Be Proud of Being "Colorblind"

This letter to the editor of the San Francisco Foghorn, the official student newspaper of the University of San Francisco, appeared on March 28, 2013 (print) and March 27, 2013 (online). The online version omitted my name as the letter’s author.


Regarding anti-racism activist Tim Wise’s appearance before 600 people at USF (Foghorn, March 21, 2013), it’s hard to believe that most of the students in that crowd were not “encouraged” to attend by faculty, either as a class assignment or for extra credit. Why would white students of their own free will wish to go hear someone berate them for their alleged racial privilege?
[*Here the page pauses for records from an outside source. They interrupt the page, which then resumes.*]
Definition upper_in (A : T -> Prop) (x : T) : Prop :=
  C x /\ forall y, A y -> le y x.

Definition lower_in (A : T -> Prop) (x : T) : Prop :=
  C x /\ forall y, A y -> le x y.

Definition is_sup_in (A : T -> Prop) (x : T) : Prop :=
  upper_in A x /\ forall z, upper_in A z -> le x z.

Definition is_inf_in (A : T -> Prop) (x : T) : Prop :=
  lower_in A x /\ forall z, lower_in A z -> le z x.

Definition partial_order_on : Prop :=
  (forall x, C x -> le x x) /\
  (forall x y, C x -> C y -> le x y -> le y x -> x = y) /\
  (forall x y z, C x -> C y -> C z -> le x y -> le y z -> le x z).

Definition complete_on : Prop :=
  partial_order_on /\ forall A, subset A C -> exists s, is_sup_in A s.

Definition list_set (l : list T) : T -> Prop := fun x => In x l.

Definition compact_in (a : T) : Prop :=
  C a /\
  forall A s, subset A C -> is_sup_in A s -> le a s ->
    exists (l : list T) (s' : T),
      subset (list_set l) A /\ is_sup_in (list_set l) s' /\ le a s'.

Definition pair_set (x y : T) : T -> Prop := fun z => z = x \/ z = y.

Definition ideal_lattice_on (mul : T -> T -> T) : Prop :=
  (forall a b, C a -> C b -> C (mul a b)) /\
  (forall a b c, C a -> C b -> C c -> mul (mul a b) c = mul a (mul b c)) /\
  complete_on /\
  (forall a, C a -> exists A, subset A compact_in /\ is_sup_in A a) /\
  (forall a b c s, C a -> C b -> C c -> is_sup_in (pair_set b c) s ->
      is_sup_in (pair_set (mul a b) (mul a c)) (mul a s) /\
      is_sup_in (pair_set (mul b a) (mul c a)) (mul s a)) /\
  (forall t, is_sup_in C t ->
      compact_in t /\ forall a, C a -> mul t a = a /\ mul a t = a) /\
  (forall a b, compact_in a -> compact_in b -> compact_in (mul a b)).

End IdealLattice.

Definition everything (T : Type) : T -> Prop := fun _ => True.
Arguments everything T _ : clear implicits.

Definition directed (T : Type) (le : T -> T -> Prop) (A : T -> Prop) : Prop :=
  (exists x, A x) /\
  forall x y, A x -> A y -> exists z, A z /\ le x z /\ le y z.

(* The closure [pi] onto [L'] maps suprema in [L] to suprema in [L'], so [L'] is a
   complete lattice whose joins are the closures of joins in [L]; distributivity,
   associativity and the unit transfer through [pi] by (iii).  The compact elements
   of [L'] are exactly the closures of compact elements of [L]: [pi c] is compact
   because [L'] is closed under directed suprema, so a cover of [pi c] in [L'] can
   be replaced by the directed family of its finite joins; conversely a compact
   element of [L'] is the closure of a finite join of compact elements below it.
   Closing under products then reduces to (L5) in [L] by (iii). *)
From Stdlib Require Import List.

Set Implicit Arguments.
Unset Strict Implicit.

Definition image (T : Type) (f : T -> T) (A : T -> Prop) : T -> Prop :=
  fun y => exists x, A x /\ y = f x.

Section Suprema.
Variables (T : Type) (le : T -> T -> Prop).

Lemma sup_in_carrier C A s : is_sup_in C le A s -> C s.
Proof. intros [[Hs _] _]; exact Hs. Qed.

Lemma sup_upper C A s x : is_sup_in C le A s -> A x -> le x s.
Proof. intros [[_ Hs] _]; apply Hs. Qed.

Lemma sup_least C A s z : is_sup_in C le A s -> upper_in C le A z -> le s z.
Proof. intros [_ Hs]; apply Hs. Qed.

Lemma list_set_app (l1 l2 : list T) x :
  list_set (l1 ++ l2) x <-> list_set l1 x \/ list_set l2 x.
Proof. apply in_app_iff. Qed.

End Suprema.

Section CompleteLattice.
Variables (T : Type) (le : T -> T -> Prop).
Local Notation U := (everything T).

Hypothesis le_refl : forall x, le x x.
Hypothesis le_antisym : forall x y, le x y -> le y x -> x = y.
Hypothesis le_trans : forall x y z, le x y -> le y z -> le x z.
Hypothesis sup_exists : forall A, exists s, is_sup_in U le A s.

Lemma is_sup_unique C A s1 s2 : is_sup_in C le A s1 -> is_sup_in C le A s2 -> s1 = s2.
Proof.
  intros H1 H2. apply le_antisym.
  - apply (sup_least H1), (proj1 H2).
  - apply (sup_least H2), (proj1 H1).
Qed.

Lemma is_sup_singleton C y : C y -> is_sup_in C le (list_set (y :: nil)) y.
Proof.
  intros Hy. split; [split; [exact Hy|] |].
  - intros z [<-|[]]; apply le_refl.
  - intros z [_ Hz]. apply Hz. left; reflexivity.
Qed.

Lemma compact_in_least b : (forall x, le b x) -> compact_in U le b.
Proof.
  intros Hb. split; [exact I|]. intros A s _ _ _. exists nil, b.
  split; [intros x []|]. split; [|apply le_refl].
  split; [split; [exact I | intros y []] | intros z _; apply Hb].
Qed.

Lemma compact_in_join c1 c2 u : compact_in U le c1 -> compact_in U le c2 ->
  is_sup_in U le (pair_set c1 c2) u -> compact_in U le u.
Proof.
  intros [_ K1] [_ K2] Hu. split; [exact I|]. intros A s HA Hs Hus.
  destruct (K1 A s HA Hs) as [l1 [s1 [Hl1 [Hs1 Hc1]]]].
  { apply le_trans with u; [apply (sup_upper Hu); left|]; auto. }
  destruct (K2 A s HA Hs) as [l2 [s2 [Hl2 [Hs2 Hc2]]]].
  { apply le_trans with u; [apply (sup_upper Hu); right|]; auto. }
  destruct (sup_exists (list_set (l1 ++ l2))) as [s3 Hs3].
  exists (l1 ++ l2), s3. split; [|split; [exact Hs3|]].
  - intros x Hx. apply list_set_app in Hx as [Hx|Hx]; auto.
  - apply (sup_least Hu). split; [exact I|]. intros y [->| ->].
    + apply le_trans with s1; [exact Hc1|]. apply (sup_least Hs1).
      split; [exact I|]. intros z Hz. apply (sup_upper Hs3), list_set_app; auto.
    + apply le_trans with s2; [exact Hc2|]. apply (sup_least Hs2).
      split; [exact I|]. intros z Hz. apply (sup_upper Hs3), list_set_app; auto.
Qed.

Section Closure.
Variables (L' : T -> Prop) (pi : T -> T).
Hypothesis inf_closed :
  forall A x, subset A L' -> is_inf_in U le A x -> L' x.
Hypothesis directed_sup_closed :
  forall A x, subset A L' -> directed le A -> is_sup_in U le A x -> L' x.
Hypothesis pi_spec : forall a, is_inf_in U le (fun a' => L' a' /\ le a a') (pi a).

Lemma pi_in x : L' (pi x).
Proof. apply (inf_closed (fun y (Hy : L' y /\ le x y) => proj1 Hy) (pi_spec x)). Qed.

Lemma le_pi x : le x (pi x).
Proof. apply (proj2 (pi_spec x)). split; [exact I|]. intros y [_ Hy]; exact Hy. Qed.

Lemma pi_least x z : L' z -> le x z -> le (pi x) z.
Proof. intros Hz Hxz. apply (proj2 (proj1 (pi_spec x))); auto. Qed.

Lemma pi_id x : L' x -> pi x = x.
Proof. intros Hx. apply le_antisym; [apply pi_least, le_refl | apply le_pi]; auto. Qed.

Lemma pi_mono x y : le x y -> le (pi x) (pi y).
Proof. intros H. apply pi_least; [apply pi_in|]. apply le_trans with y; auto using le_pi. Qed.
I could imagine Wise’s presentation would make students of color feel uncomfortable too. And how about those students who don’t identify so readily with either category?

In my 24 years of teaching at USF, I have noticed that most students, regardless of race, work hard to do well in school, many hold down jobs at the same time, and a very large number will go into debt in order to finance their educations. These are traits that students can be proud of in themselves. Pride, not guilt, offers the healthiest foundation on which to form solid friendships and work relationships, and that goes for relationships across racial lines or within them.

Thanks to the successes of the civil rights movement, we are all lucky enough to be living in a new era – for the past forty years – in which the vicious racial divides of America’s past are no longer powerful. Among the young in northern California and especially in the Bay Area, racial advantages in themselves are practically nonexistent. What does divide people are disparities in wealth, which include the residual effects of discrimination on past generations. But the antidote to that continuing problem is certainly not the cultivation of white racial guilt but a common effort by all to remove the economic and educational impediments to equal opportunity.

The great nineteenth-century African-American activist Frederick Douglass, whose second marriage was with a white woman at a time when interracial marriage was illegal in most states, used to paraphrase in many of his speeches the stirring Biblical words from Acts 17:26: that God had made of one blood all nations of men to dwell on the face of the earth. If Douglass could maintain this wonderful, integrationist vision in the midst of some of the darkest days for African Americans, surely we can do the same when racism is practically dead.